La Sentencia de la Sala de lo Contencioso-Administrativo, Sección 2ª, del Tribunal Supremo, de 29 de enero de 2020 (recurso 4258/2018 ), nos recuerda que "una constante jurisprudencia pone de manifiesto [que] el onus probandi no posee más alcance que determinar las consecuencias de la falta de prueba. Acreditados los hechos constitutivos del presupuesto fáctico, resulta irrelevante qué parte los probó. Por tanto, la doctrina de la carga de la prueba vale en tanto que el hecho necesitado de esclarecimiento no resulte probado, en cuyo caso, no habiéndose acreditado el mismo o persistiendo las dudas sobre la realidad fáctica necesitada de acreditación, las consecuencias desfavorables deben recaer sobre el llamado a asumir la carga de la prueba, esto es, se concibe la carga de la prueba como "el imperativo del propio interés de las partes en lograr, a través de la prueba, el convencimiento del Tribunal acerca de la veracidad de las afirmaciones fácticas por ellas sostenidas o su fijación en la sentencia".
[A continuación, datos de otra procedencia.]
(* Let $k$ be a field, $\mathbf C$ a finite category, $\mathcal{A}$ a presheaf of $k$-algebras on $\mathbf C$ and $\mathcal{M}$ a presheaf of $\mathcal{A}$-bimodules. Then for every $q\in\mathbb N$ the cochain complex $(C^{*,q}(\mathcal{A},\mathcal{M}),d_{\mathrm{simp}})$ (Hochschild degree $q$ fixed, simplicial degree varying) is isomorphic to the Baues–Wirsching cochain complex $(C^*_{BW}(\mathbf C,\mathcal{C}^q_{\mathrm{HH}}(\mathcal{A},\mathcal{M})),\delta_{BW})$.
   Context: Presheaf of $k$-algebras: functor $\mathcal{A}\colon\mathbf C^{\mathrm{op}}\to\mathbf{Alg}_k$ (associative unital finite-dimensional). Presheaf of $\mathcal{A}$-bimodules: functor $\mathcal{M}$ on $\mathbf C^{\mathrm{op}}$ with each $\mathcal{M}(c)$ an $\mathcal{A}(c)$-bimodule and each $\mathcal{M}(d)\to\mathcal{M}(c)$ (for $c\to d$) an $\mathcal{A}(d)$-bimodule map. $C^q_{\mathrm{HH}}(B,N)=\mathrm{Hom}_k(B^{\otimes q},N)$. Gerstenhaber–Schack cochains: for strings $\sigma=(c_0\to\cdots\to c_p)$ of composable morphisms, $C^{p,q}(\mathcal{A},\mathcal{M})=\prod_\sigma C^q_{\mathrm{HH}}(\mathcal{A}(c_p),\mathcal{M}(c_0))$ and $(d_{\mathrm{simp}}\Gamma)^\sigma=T\circ\Gamma^{\partial_0\sigma}+\sum_{r=1}^{p-1}(-1)^r\Gamma^{\partial_r\sigma}+(-1)^p\Gamma^{\partial_p\sigma}\circ\phi^{\otimes q}$, where $\partial_r\sigma$ deletes $c_r$, $T\colon\mathcal{M}(c_1)\to\mathcal{M}(c_0)$ is induced by $c_0\to c_1$ and $\phi\colon\mathcal{A}(c_p)\to\mathcal{A}(c_{p-1})$ by $c_{p-1}\to c_p$. Twisted arrow category $\mathrm{Tw}\,\mathbf C$: objects morphisms $f\colon c\to d$; morphisms $f\to g$ ($g\colon c'\to d'$) are pairs $(\alpha\colon d\to d',\beta\colon c'\to c)$ with $g=\alpha f\beta$. A natural system is a functor $F\colon\mathrm{Tw}\,\mathbf C\to\mathbf{Ab}$; write $\alpha_*=F(\alpha,1)$, $\beta^*=F(1,\beta)$. Baues–Wirsching complex: $C^n_{BW}(\mathbf C,F)=\prod F(f_1\circ\cdots\circ f_n)$ over strings $c_n\xrightarrow{f_n}c_{n-1}\to\cdots\xrightarrow{f_1}c_0$, with $(\delta_{BW}\Gamma)(f_1,\dots,f_n)={f_1}_*\Gamma(f_2,\dots,f_n)+\sum_{i=1}^{n-1}(-1)^i\Gamma(f_1,\dots,f_if_{i+1},\dots,f_n)+(-1)^n f_n^*\Gamma(f_1,\dots,f_{n-1})$. The natural system $\mathcal{C}^q_{\mathrm{HH}}(\mathcal{A},\mathcal{M})$ sends $f\colon c\to d$ to $C^q_{\mathrm{HH}}(\mathcal{A}(d),\mathcal{M}(c))$ and $(\alpha,\beta)$ to $\Gamma\mapsto\mathcal{M}(\beta)\circ\Gamma\circ\mathcal{A}(\alpha)^{\otimes q}$. *)

From HB Require Import structures.
From mathcomp Require Import all_boot all_algebra.

Set Implicit Arguments.
Unset Strict Implicit.
Unset Printing Implicit Defensive.

Import GRing.Theory.
Local Open Scope ring_scope.

(* Finite categories.  [comp f g] is "g after f" (diagrammatic order). *)
Record FinCat := FinCatMk {
  Obj : finType;
  Hom : Obj -> Obj -> finType;
  idm : forall a, Hom a a;
  comp : forall a b c, Hom a b -> Hom b c -> Hom a c;
  comp_id_l : forall a b (f : Hom a b), comp (idm a) f = f;
  comp_id_r : forall a b (f : Hom a b), comp f (idm b) = f;
  comp_assoc : forall a b c d (f : Hom a b) (g : Hom b c) (h : Hom c d),
      comp (comp f g) h = comp f (comp g h)
}.
Arguments idm {_} a.
Arguments comp {_ a b c} f g.

(* Associative unital finite-dimensional k-algebras (the zero algebra  *)
(* is allowed, so we do not use MathComp's nz-ring based algType).     *)
Record kAlgebra (k : fieldType) := KAlgebra {
  acarrier :> lmodType k;
  amul : acarrier -> acarrier -> acarrier;
  aone : acarrier;
  amulA : forall x y z, amul x (amul y z) = amul (amul x y) z;
  amul1x : forall x, amul aone x = x;
  amulx1 : forall x, amul x aone = x;
  amul_linl : forall (c : k) x y z, amul (c *: x + y) z = c *: amul x z + amul y z;
  amul_linr : forall (c : k) x y z, amul z (c *: x + y) = c *: amul z x + amul z y;
  afindim : exists n (e : 'I_n -> acarrier),
      forall x, exists a : 'I_n -> k, x = \sum_(i < n) a i *: e i
}.
Arguments amul {k} _ x y.
Arguments aone {k} _.

Record AlgPresheaf (k : fieldType) (C : FinCat) := AlgPresheafMk {
  alg : Obj C -> kAlgebra k;
  ares : forall a b, Hom a b -> alg b -> alg a;
  ares_lin : forall a b (f : Hom a b) (c : k) x y,
      ares f (c *: x + y) = c *: ares f x + ares f y;
  ares_mul : forall a b (f : Hom a b) x y,
      ares f (amul _ x y) = amul _ (ares f x) (ares f y);
  ares_one : forall a b (f : Hom a b), ares f (aone _) = aone _;
  ares_id : forall a x, ares (idm a) x = x;
  ares_comp : forall a b c (f : Hom a b) (g : Hom b c) x,
      ares (comp f g) x = ares f (ares g x)
}.
Arguments alg {k C} _ a.
Arguments ares {k C} _ {a b} f x.

Record BimodPresheaf (k : fieldType) (C : FinCat) (A : AlgPresheaf k C) :=
 BimodPresheafMk {
  bmod : Obj C -> lmodType k;
  lact : forall a, alg A a -> bmod a -> bmod a;
  ract : forall a, bmod a -> alg A a -> bmod a;
  lact_linl : forall a (c : k) (x y : alg A a) m,
      lact (c *: x + y) m = c *: lact x m + lact y m;
  lact_linr : forall a (c : k) (x : alg A a) m n,
      lact x (c *: m + n) = c *: lact x m + lact x n;
  ract_linl : forall a (c : k) (x : alg A a) m n,
      ract (c *: m + n) x = c *: ract m x + ract n x;
  ract_linr : forall a (c : k) (x y : alg A a) m,
      ract m (c *: x + y) = c *: ract m x + ract m y;
  lact_mul : forall a (x y : alg A a) m, lact (amul _ x y) m = lact x (lact y m);
  lact_one : forall a m, lact (aone (alg A a)) m = m;
  ract_mul : forall a (x y : alg A a) m, ract m (amul _ x y) = ract (ract m x) y;
  ract_one : forall a m, ract m (aone (alg A a)) = m;
  lract : forall a (x y : alg A a) m, ract (lact x m) y = lact x (ract m y);
  mres : forall a b, Hom a b -> bmod b -> bmod a;
  mres_lin : forall a b (f : Hom a b) (c : k) m n,
      mres f (c *: m + n) = c *: mres f m + mres f n;
  mres_lact : forall a b (f : Hom a b) x m,
      mres f (lact x m) = lact (ares A f x) (mres f m);
  mres_ract : forall a b (f : Hom a b) m x,
      mres f (ract m x) = ract (mres f m) (ares A f x);
  mres_id : forall a m, mres (idm a) m = m;
  mres_comp : forall a b c (f : Hom a b) (g : Hom b c) m,
      mres (comp f g) m = mres f (mres g m)
}.
Arguments bmod {k C A} _ a.
Arguments mres {k C A} _ {a b} f m.

(* Hochschild cochains C^q_HH(B, N) = Hom_k(B^{(x)q}, N), represented  *)
(* (universal property of the tensor power) as k-multilinear maps      *)
(* B^q -> N.  [HHraw] is the ambient function type, [multilinear] the  *)
(* condition cutting out the cochains.                                 *)
Definition HHraw (k : fieldType) (q : nat) (B N : lmodType k) :=
  ('I_q -> B) -> N.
De no lograrse vencer las incertidumbres sobre los hechos, es el ordenamiento jurídico el que prevé explícita o implícitamente las reglas cuya aplicación determina la parte que ha de resultar perjudicada. Se trata de ius cogens, indisponible para las partes. Con carácter general el principio básico es que al actor le corresponde probar los hechos constitutivos de su pretensión y al demandado los hechos impeditivos, extintivos o excluyentes, aunque dicho principio se atempera con principios tales como la disponibilidad y facilidad probatoria que corresponde a cada una de las partes, declarando la jurisprudencia que "El principio de la buena fe en la vertiente procesal puede matizar, intensificar o alterar la regla general sobre distribución de la carga de la prueba en aquellos casos en los que para una de las partes resulta muy fácil acreditar un dato de difícil prueba para la otra..." o que "el onus probandi se traslada a la Administración cuando es ella la que tiene en sus manos la posibilidad de certificar sobre los extremos necesitados de prueba".
Lo que trasladado al ámbito tributario se traduce, art. 105 de la LGT , en que cada parte tiene la carga de probar aquellas circunstancias que le favorecen; esto es, la Administración la realización del hecho imponible y de los elementos de cuantificación de la obligación, y el obligado tributario las circunstancias determinantes de los supuestos de no sujeción, exenciones y bonificaciones o beneficios fiscales, a lo que cabe añadir la matización que toma carta de naturaleza en la jurisprudencia de que se desplaza la carga de la prueba a la Administración cuando esta dispone de los medios necesarios que no están al alcance del sujeto pasivo" [Declaraciones a las que se remiten, entre otras muchas, sentencias posteriores del Tribunal Supremo como las de 18 de mayo de 2020 (recurso 4002/2018 ), 13 de octubre de 2022, (recurso 2151/2021 ) y 17 de octubre de 2022 (recurso 3521/2021 )].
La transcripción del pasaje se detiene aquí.